The trappers themselves publicly admitted (as reported on 11 September 2002 on the front page of Phileleftheros, the highest circulation Greek language newspaper in Cyprus) that due to the crack-down in 2002 they were losing 300-500 Cyprus pounds per day from the sale of ambelopoulia (the trapped birds sold as a gastronomic delicacy). As trappers earn about one pound per bird trapped and the autumn trapping season lasts some 60 days, at least 18,000 birds are being caught per trapper per autumn. So how many trappers are there? The Cyprus Weekly of 27 Sept to 3 Oct reported that the trappers had surrendered 8000 ballot books in protest at the clamp-down on their activities. Thus, even if the average catch per trapper is only, say, 3000 birds, and if we take 8000 as the total number trappers (when, in fact, not all trappers are likely to have handed in their ballot books) some 24 million birds may be trapped each autumn. And this total does not include the non-commercial species that are trapped in the nets and discarded. (Source)

Action You Can Take
The massacre must be stopped. The trapping is completely indiscriminate and many of the birds taken are from species which are already endangered or in decline, and certainly include species which are a popular and cherished part of the natural heritage in other parts of Europe. In many European countries much is being done to protect these species, but these efforts are rendered useless if birds are massacred on reaching Cyprus.

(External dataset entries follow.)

Lemma omega_on_setU1_split :
  omega_on x y t (k |: U) setT
  = \sum_(J : {set 'I_m} | J \subset U)
      weight J * (t ^+ #|J| * (1 - \prod_(i in U :\: J) tratio t (x k) (x i) * f k)
                  - (1 - t) * pf_sum J).
Proof.
rewrite /omega_on /weight /pf_sum big_subsets_setU1 //; apply: eq_bigr => J JU.
have kJ : k \notin J by apply: contra kU; apply: (subsetP JU).
rewrite omega_coef_setU1_out // omega_coef_setU1_in // big_setU1 //=.
rewrite prod_tratio_partial_fraction //; ring.
Qed.

Lemma sum_omega_on_setC1 :
  \sum_l omega_on x y t U [set~ l] * (y l / (x k - t * y l))
          * \prod_(i in U) ((x i - y l) / (x i - t * y l))
          * \prod_(j in [set~ l]) ((y j - t * y l) / (y j - y l))
  = \sum_(J : {set 'I_m} | J \subset U) weight J * \sum_l y_residue x y t k (U :\: J) l.
Proof.
under eq_bigr do rewrite /omega_on !mulr_suml.
rewrite exchange_big; apply: eq_bigr => J JU; rewrite /weight mulr_sumr.
apply: eq_bigr => l _.
have f_split i : f i = (x i - y l) / (x i - t * y l) * xy_factor x y t [set~ l] i.
  by rewrite /xy_factor (big_setD1 l) ?in_setT // setTD.
rewrite [\prod_(i in U) _](big_setID J) (setIidPr JU) (eq_bigr _ (fun i _ => f_split i)).
by rewrite /y_residue !big_split /=; ring.
Qed.

Lemma residue_sum_pairing :
  \sum_(J : {set 'I_m} | J \subset U) weight J * t ^+ #|J| * res_sum (U :\: J)
  = - \sum_(J : {set 'I_m} | J \subset U) weight J * pf_sum J.
Proof.
rewrite /weight /pf_sum /res_sum -sumrN.
under eq_bigr do rewrite mulr_sumr; under [RHS]eq_bigr do rewrite mulr_sumr -sumrN.
rewrite big_subsets_setD1; apply: eq_bigr => J JU; apply: eq_bigr => i Ji.
have Ui : i \in U by apply: (subsetP JU).
have iU' : i \notin U :\ i by rewrite setD11.
have iJ' : i \notin J :\ i by rewrite setD11.
have UJ : (U :\: (J :\ i)) :\ i = U :\: J.
  by apply/setP => z; rewrite !inE; case: (eqVneq z i) => [->|]; rewrite ?Ji ?andbF.
have UJ' : (U :\ i) :\: (J :\ i) = U :\: J by rewrite setDDl setD1K.
have := omega_coef_setU1_out x t iU' iJ'; have := omega_coef_setU1_in x t iU' iJ'.
rewrite !setD1K // UJ UJ' => -> ->.
rewrite [in RHS](big_setD1 i Ji) /=; ring.
Qed.

Lemma omega_on_setU1 :
  omega_on x y t (k |: U) setT
  = t ^+ #|U| / t ^+ n.-1 * (1 - t)
    * \sum_l omega_on x y t U [set~ l] * (y l / (x k - t * y l))
              * \prod_(i in U) ((x i - y l) / (x i - t * y l))
              * \prod_(j in [set~ l]) ((y j - t * y l) / (y j - y l)).
Proof.
rewrite omega_on_setU1_split sum_omega_on_setC1 mulr_sumr.
have -> : \sum_(J : {set 'I_m} | J \subset U)
      t ^+ #|U| / t ^+ n.-1 * (1 - t) * (weight J * \sum_l y_residue x y t k (U :\: J) l)
  = \sum_(J : {set 'I_m} | J \subset U) weight J * t ^+ #|J|
      * (1 - \prod_(i in U :\: J) tratio t (x k) (x i) * f k + (1 - t) * res_sum (U :\: J)).
  apply: eq_bigr => J JU; have kUJ : k \notin U :\: J by rewrite inE negb_and kU orbT.
  rewrite /res_sum -sum_y_residue // -(cardsID J U) (setIidPr JU) exprD; ring.
apply/eqP; rewrite -subr_eq0 -sumrB.
rewrite (eq_bigr (fun J =>
  - (1 - t) * (weight J * pf_sum J + weight J * t ^+ #|J| * res_sum (U :\: J)))).
  by rewrite -mulr_sumr big_split /= residue_sum_pairing addrN mulr0.
by move=> J _; ring.
Qed.
Lemma ft_im_lt_on_re_level {r1 r2 y1 y2} : 1 <= r1 -> r1 < r2 ->
  0 <= y1 < pi / 2 -> 0 <= y2 < pi / 2 -> ft_re r1 y1 = ft_re r2 y2 ->
  ft_im r2 y2 < ft_im r1 y1.
Proof.
move=> r1_ge1 r12 hy1 hy2 ft_re12.
have [y21 bound] := ft_re_level_bound r1_ge1 r12 hy1 hy2 ft_re12.
move: hy1 hy2 t01 => /andP[y1_ge0 y1_lt] /andP[y2_ge0 y2_lt] /andP[t0 t1].
have pi_gt0 := pi_gt0 R.
have c12 := cosh_ln_lt r1_ge1 r12.
have c1_gt0 : 0 < cosh_ln r1 by rewrite cosh_ln_gt0 //; lra.
have sin21 : sin y2 < sin y1 by rewrite ltr_sin // in_itv /=; apply/andP; split; lra.
have sin2_le1 := sin_le1 y2.
rewrite /ft_im; have [->|t_ne0] := eqVneq t 0; first by lra.
have t_gt0 : 0 < t by rewrite lt_neqAle eq_sym t_ne0.
(* [ft_im r1 y1 - ft_im r2 y2] is this term plus the slack in [bound] *)
have : 0 < t * ((cosh_ln r2 - cosh_ln r1) * (1 - sin y2) + cosh_ln r1 * (sin y1 - sin y2)).
  apply: mulr_gt0 => //; apply: ltr_wpDl; last by rewrite mulr_gt0 // subr_gt0.
  by rewrite mulr_ge0 // subr_ge0 // ltW.
nra.
Qed.

Lemma ft_re_im_neq_ge1 {r1 r2 y1 y2} : 1 <= r1 -> r1 < r2 ->
  -(pi / 2) < y1 < pi / 2 -> -(pi / 2) < y2 < pi / 2 ->
  ft_re r1 y1 = ft_re r2 y2 -> ft_im r1 y1 <> ft_im r2 y2.
Proof.
move=> r1_ge1 r12 hy1 hy2 ft_re12 ft_im12.
have r1_gt0 : 0 < r1 by lra.
have r2_gt0 : 0 < r2 by lra.
have y_sign : (0 <= y1) = (0 <= y2) by rewrite -(ft_im_ge0 r1) // ft_im12 ft_im_ge0.
move: hy1 hy2 => /andP[y1_gt y1_lt] /andP[y2_gt y2_lt].
have [y1_ge0|y1_lt0] := leP 0 y1.
  have y2_ge0 : 0 <= y2 by rewrite -y_sign.
  have := @ft_im_lt_on_re_level r1 r2 y1 y2 r1_ge1 r12.
  by rewrite y1_ge0 y2_ge0 y1_lt y2_lt ft_im12 ltxx => /(_ isT isT ft_re12).
have y2_lt0 : y2 < 0 by rewrite ltNge -y_sign -ltNge.
have hy1 : 0 <= - y1 < pi / 2 by apply/andP; split; lra.
have hy2 : 0 <= - y2 < pi / 2 by apply/andP; split; lra.
have := ft_im_lt_on_re_level r1_ge1 r12 hy1 hy2.
by rewrite !ft_reN !ft_imN ft_im12 ltxx => /(_ ft_re12).
Qed.

Lemma ft_re_im_neq {r1 r2 y1 y2} : 0 < r1 -> r1 < r2 ->
  -(pi / 2) < y1 < pi / 2 -> -(pi / 2) < y2 < pi / 2 ->
  ft_re r1 y1 = ft_re r2 y2 -> ft_im r1 y1 <> ft_im r2 y2.
Proof.
move=> r1_gt0 r12 hy1 hy2 ft_re12.
have r2_gt0 : 0 < r2 by lra.
have r_sign : (1 <= r1) = (1 <= r2) by rewrite -(ft_re_ge0 r1 y1) // ft_re12 ft_re_ge0.
have [r1_ge1|r1_lt1] := leP 1 r1; first exact: ft_re_im_neq_ge1.
have r2_le1 : r2 <= 1 by rewrite ltW // ltNge -r_sign -ltNge.
rewrite -(ft_imV r1) -(ft_imV r2) => /esym; apply: ft_re_im_neq_ge1 hy2 hy1 _.
- by rewrite invf_ge1.
- by rewrite ltf_pV2 ?posrE.
- by rewrite !ft_reV // ft_re12.
Qed.

Lemma ft_re_im_inj {r1 r2 y1 y2} : 0 < r1 -> 0 < r2 ->
  -(pi / 2) < y1 < pi / 2 -> -(pi / 2) < y2 < pi / 2 ->
  ft_re r1 y1 = ft_re r2 y2 -> ft_im r1 y1 = ft_im r2 y2 -> r1 = r2 /\ y1 = y2.
Proof.
move=> r1_gt0 r2_gt0 hy1 hy2 ft_re12 ft_im12.
have [r12|r21|r12] := ltgtP r1 r2.
- by have := ft_re_im_neq r1_gt0 r12 hy1 hy2 ft_re12.
- by have := ft_re_im_neq r2_gt0 r21 hy2 hy1 (esym ft_re12) (esym ft_im12).
split=> //; rewrite -r12 in ft_im12.
by apply: (inc_inj_in (le_mono_in (ft_im_homo r1 r1_gt0))) ft_im12; rewrite in_itv.
Qed.

End PolarForm.

Local Open Scope complex_scope.

Section ComplexComputations.
Context {R : realType}.
Implicit Types (a b : R) (w z : R[i]).

Lemma complex_inv a b :
  (a +i* b)^-1 = (a / (a ^+ 2 + b ^+ 2)) +i* (- (b / (a ^+ 2 + b ^+ 2))).
Proof. by []. Qed.

Lemma complex_nat n : (n%:R : R[i]) = n%:R +i* 0.
Proof. by rewrite -(rmorph_nat (real_complex R)). Qed.

Lemma complex_neq0 w : complex.Re w != 0 -> w != 0.
Proof. by apply: contraNN => /eqP ->. Qed.

Lemma ReIm_ft t z :
  2 * complex.Re (f_t t z) = (1 - t) * complex.Im (L2 z) + t * complex.Re (L1 z) /\
  2 * complex.Im (f_t t z) =
    (1 - t) * complex.Im (L1 z) + 2 * t * complex.Im (z / (1 - z ^+ 2)).
Proof.
rewrite /f_t /fD /fC /hD /gD /hC /gC.
move: (L1 z) (L2 z) (z / (1 - z ^+ 2)) => [a1 b1] [a2 b2] [a3 b3].
by rewrite !complex_nat !complex_inv -!complexr0; simpc; split; rewrite /=; field.
Qed.

Lemma Re_Clog w :
  complex.Re (Clog w) = ln (Num.sqrt (complex.Re w ^+ 2 + complex.Im w ^+ 2)).
Proof. by rewrite /Clog -!complexr0; simpc. Qed.

Lemma Im_Clog w : complex.Im (Clog w) = Arg w.
Proof. by rewrite /Clog -!complexr0; simpc. Qed.

Lemma Arg_Re_gt0 w : 0 < complex.Re w -> Arg w = atan (complex.Im w / complex.Re w).
Proof. by rewrite /Arg => ->. Qed.

Lemma disk_Re_Im {z} : `|z| < 1 -> complex.Re z ^+ 2 + complex.Im z ^+ 2 < 1.
Proof.
case: z => x y; rewrite normc_def /= ltcR => xy_lt1.
have xy_ge0 : 0 <= x ^+ 2 + y ^+ 2 by rewrite addr_ge0 ?sqr_ge0.
by rewrite -(sqr_sqrtr xy_ge0) -(expr1n _ 2) ltrXn2r ?sqrtr_ge0.
Qed.

End ComplexComputations.

Section CayleyTransform.
Context {R : realType} {z : R[i]}.
Hypothesis z_disk : `|z| < 1.
Let w := (1 + z) / (1 - z).

Let disk_bounds : -1 < complex.Re z < 1 /\ -1 < complex.Im z < 1.
Proof. by have := disk_Re_Im z_disk; split; apply/andP; split; nra. Qed.

Let subz_neq0 : 1 - z != 0.
Proof.
have [/andP[_ x_lt1] _] := disk_bounds.
by apply: complex_neq0; rewrite raddfB /= lt0r_neq0 // subr_gt0.
Qed.

Let addz_neq0 : 1 + z != 0.
Proof.
have [/andP[x_gtN1 _] _] := disk_bounds.
by apply: complex_neq0; rewrite raddfD /= lt0r_neq0 //; lra.
Qed.

Let subiz_neq0 : 1 - 'i * z != 0.
Proof.
have [_ /andP[y_gtN1 _]] := disk_bounds.
by apply: complex_neq0; rewrite raddfB /= mulrC ReiNIm lt0r_neq0 //; lra.
Qed.

Lemma cayley_Re_gt0 : 0 < complex.Re w.
Proof.
move: (disk_Re_Im z_disk) disk_bounds; rewrite /w.
case: z => [x y] /= xy_lt1 [/andP[_ x_lt1] _].
have D_gt0 : 0 < (1 - x) ^+ 2 + y ^+ 2 by rewrite ltr_wpDr ?sqr_ge0 // exprn_gt0 // subr_gt0.
rewrite [X in 0 < X](_ : _ = (1 - x ^+ 2 - y ^+ 2) / ((1 - x) ^+ 2 + y ^+ 2)).
  by rewrite divr_gt0 //; lra.
by rewrite sub0r add0r sqrrN; field; rewrite lt0r_neq0.
Qed.

Lemma cayleyK : z = (w - 1) / (w + 1).
Proof.
rewrite /w; field; rewrite subz_neq0 (_ : 1 + z + (1 - z) = 2) ?pnatr_eq0 //.
by rewrite addrACA subrr addr0.
Qed.

Lemma cayley_q : z / (1 - z ^+ 2) = (w - w^-1) / 4.
Proof.
rewrite /w; field; rewrite subz_neq0 addz_neq0.
by rewrite (_ : 1 - z ^+ 2 = (1 - z) * (1 + z)) ?mulf_neq0 //; ring.
Qed.

Lemma cayley_L2 : (1 + 'i * z) / (1 - 'i * z) = (1 + 'i * w) / (w + 'i).
Proof.
have wi_neq0 : w + 'i != 0.
  by apply: complex_neq0; rewrite raddfD /= addr0 lt0r_neq0 // cayley_Re_gt0.
have E : (1 + 'i * z) / (1 - 'i * z) - (1 + 'i * w) / (w + 'i) =
    (1 + 'i ^+ 2) * (2 * z / ((1 - 'i * z) * (w + 'i) * (1 - z))).
  have wi_1z : 1 + z + 'i * (1 - z) != 0.
    by rewrite [X in X != 0](_ : _ = (w + 'i) * (1 - z)) ?mulf_neq0 // /w; field.
  by rewrite /w; field; rewrite subz_neq0 wi_1z subiz_neq0.
by apply/eqP; rewrite -subr_eq0 E sqr_i addrN mul0r.
Qed.

End CayleyTransform.

Section PolarCoordinates.
Context {R : realType}.
Implicit Types (a b t : R) (z : R[i]).

Lemma cos_sin_atan a b : 0 < a ->
  cos (atan (b / a)) = a / Num.sqrt (a ^+ 2 + b ^+ 2) /\
  sin (atan (b / a)) = b / Num.sqrt (a ^+ 2 + b ^+ 2).
Proof.
move=> a_gt0; have ab_gt0 : 0 < a ^+ 2 + b ^+ 2 by rewrite ltr_wpDr ?sqr_ge0 ?exprn_gt0.
set r := Num.sqrt _; have r_gt0 : 0 < r by rewrite sqrtr_gt0.
have r2 : r ^+ 2 = a ^+ 2 + b ^+ 2 by rewrite sqr_sqrtr // ltW.
have cosE : cos (atan (b / a)) = a / r.
  rewrite cos_atan (_ : 1 + (b / a) ^+ 2 = (r / a) ^+ 2).
    by rewrite sqrtr_sqr ger0_norm ?invf_div // divr_ge0 // ltW.
  by rewrite !expr_div_n r2; field; rewrite lt0r_neq0.
split=> //; have := atanK (b / a); rewrite /tan cosE => sinE.
rewrite -[sin _](divfK (_ : a / r != 0)) ?sinE; last by rewrite lt0r_neq0 ?divr_gt0.
by field; rewrite !lt0r_neq0.
Qed.

Lemma Im_Clog_L2 a b : 0 < a ->
  complex.Im (Clog ((1 + 'i * (a +i* b)) / ((a +i* b) + 'i))) =
    atan ((a ^+ 2 + b ^+ 2 - 1) / (2 * a)).
Proof.
move=> a_gt0; have D_gt0 : 0 < a ^+ 2 + (b + 1) ^+ 2 by rewrite ltr_wpDr ?sqr_ge0 ?exprn_gt0.
rewrite Im_Clog Arg_Re_gt0 /=; last first.
  rewrite [X in 0 < X](_ : _ = 2 * a / (a ^+ 2 + (b + 1) ^+ 2)) ?divr_gt0 ?mulr_gt0 //.
  by rewrite !(add0r, addr0, mul1r, mul0r, sub0r); field; rewrite lt0r_neq0.
congr atan; rewrite !(add0r, addr0, mul1r, mul0r, sub0r); field.
by rewrite !lt0r_neq0 //; nra.
Qed.

Lemma Im_subV_div4 a b : 0 < a ->
  complex.Im (((a +i* b) - (a +i* b)^-1) / 4) = (b + b / (a ^+ 2 + b ^+ 2)) / 4.
Proof.
move=> a_gt0; have ab_gt0 : 0 < a ^+ 2 + b ^+ 2 by rewrite ltr_wpDr ?sqr_ge0 ?exprn_gt0.
rewrite complex_nat /= !(add0r, addr0, mul1r, mul0r, sub0r, mulr0, oppr0).
by field; rewrite lt0r_neq0.
Qed.

Lemma ft_polar t {z} : `|z| < 1 -> exists r y, [/\ 0 < r, -(pi / 2) < y < pi / 2,
  2 * complex.Re (f_t t z) = ft_re t r y, 2 * complex.Im (f_t t z) = ft_im t r y &
  z = ((r * cos y) +i* (r * sin y) - 1) / ((r * cos y) +i* (r * sin y) + 1)].
Proof.
move=> z_disk; have [-> ->] := ReIm_ft t z.
rewrite /L1 /L2 cayley_L2 // cayley_q //.
move: (cayley_Re_gt0 z_disk) (cayleyK z_disk); move: (_ / (1 - z)) => [a b] a_gt0 ->.
have {}a_gt0 : 0 < a := a_gt0.
have [cosE sinE] := cos_sin_atan a b a_gt0.
set r := Num.sqrt _ in cosE sinE.
have r_gt0 : 0 < r by rewrite sqrtr_gt0 ltr_wpDr ?sqr_ge0 ?exprn_gt0.
have r2 : r ^+ 2 = a ^+ 2 + b ^+ 2 by rewrite sqr_sqrtr // addr_ge0 ?sqr_ge0.
exists r, (atan (b / a)); split => //.
- by rewrite atan_gtNpi2 atan_ltpi2.
- rewrite Im_Clog_L2 // Re_Clog /= -/r /ft_re cosE /sinh_ln.
  by congr (_ * atan _ + _); rewrite -r2; field; rewrite !lt0r_neq0.
- rewrite Im_subV_div4 // Im_Clog Arg_Re_gt0 //= /ft_im sinE /cosh_ln -r2.
  by field; rewrite lt0r_neq0.
- by rewrite cosE sinE ![r * _]mulrC !divfK ?lt0r_neq0.
Qed.

End PolarCoordinates.

Theorem mainTheorem5 (R : realType) (t : R) :
  0 <= t <= 1 -> univalent_on_disk (f_t t).
Proof.
move=> t01 z1 z2 z1_disk z2_disk f12.
have [r1 [y1 [r1_gt0 hy1 Re1 Im1 ->]]] := ft_polar t z1_disk.
have [r2 [y2 [r2_gt0 hy2 Re2 Im2 ->]]] := ft_polar t z2_disk.
have := ft_re_im_inj _ t01 r1_gt0 r2_gt0 hy1 hy2.
by rewrite -Re1 -Re2 -Im1 -Im2 f12 => /(_ erefl erefl) [-> ->].
Qed.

While action may be taken by the EU, the greatest need for action is from Cypriots themselves. If you live in Cyprus, you can write a letter to the editor to one of the major newspapers, or join BirdLife Cyprus.

You can also leave a comment below in support
(please, for discussions, see the regular blog posts).

Responses

  1. Horrible to read, that so many birds are killed.
    Have noticed that there are much less with birds in sweden on the last summers.

  2. its absolutely pathetic to know what man can eat…
    im simply ashamed to be part of the Homo sapiens…4 what they do, da naturalists also hang their heads in shame…cant we put an end to this…cant we give these poachers the same treatment they give the innocent animals??

  3. [...] called Ambelopoulia. It’s illegal under EU law, and many modern Cypriots would love to wash their hands of it. Yet it endures. It’s vile. (Warning: bird-lovers may find following these links rather [...]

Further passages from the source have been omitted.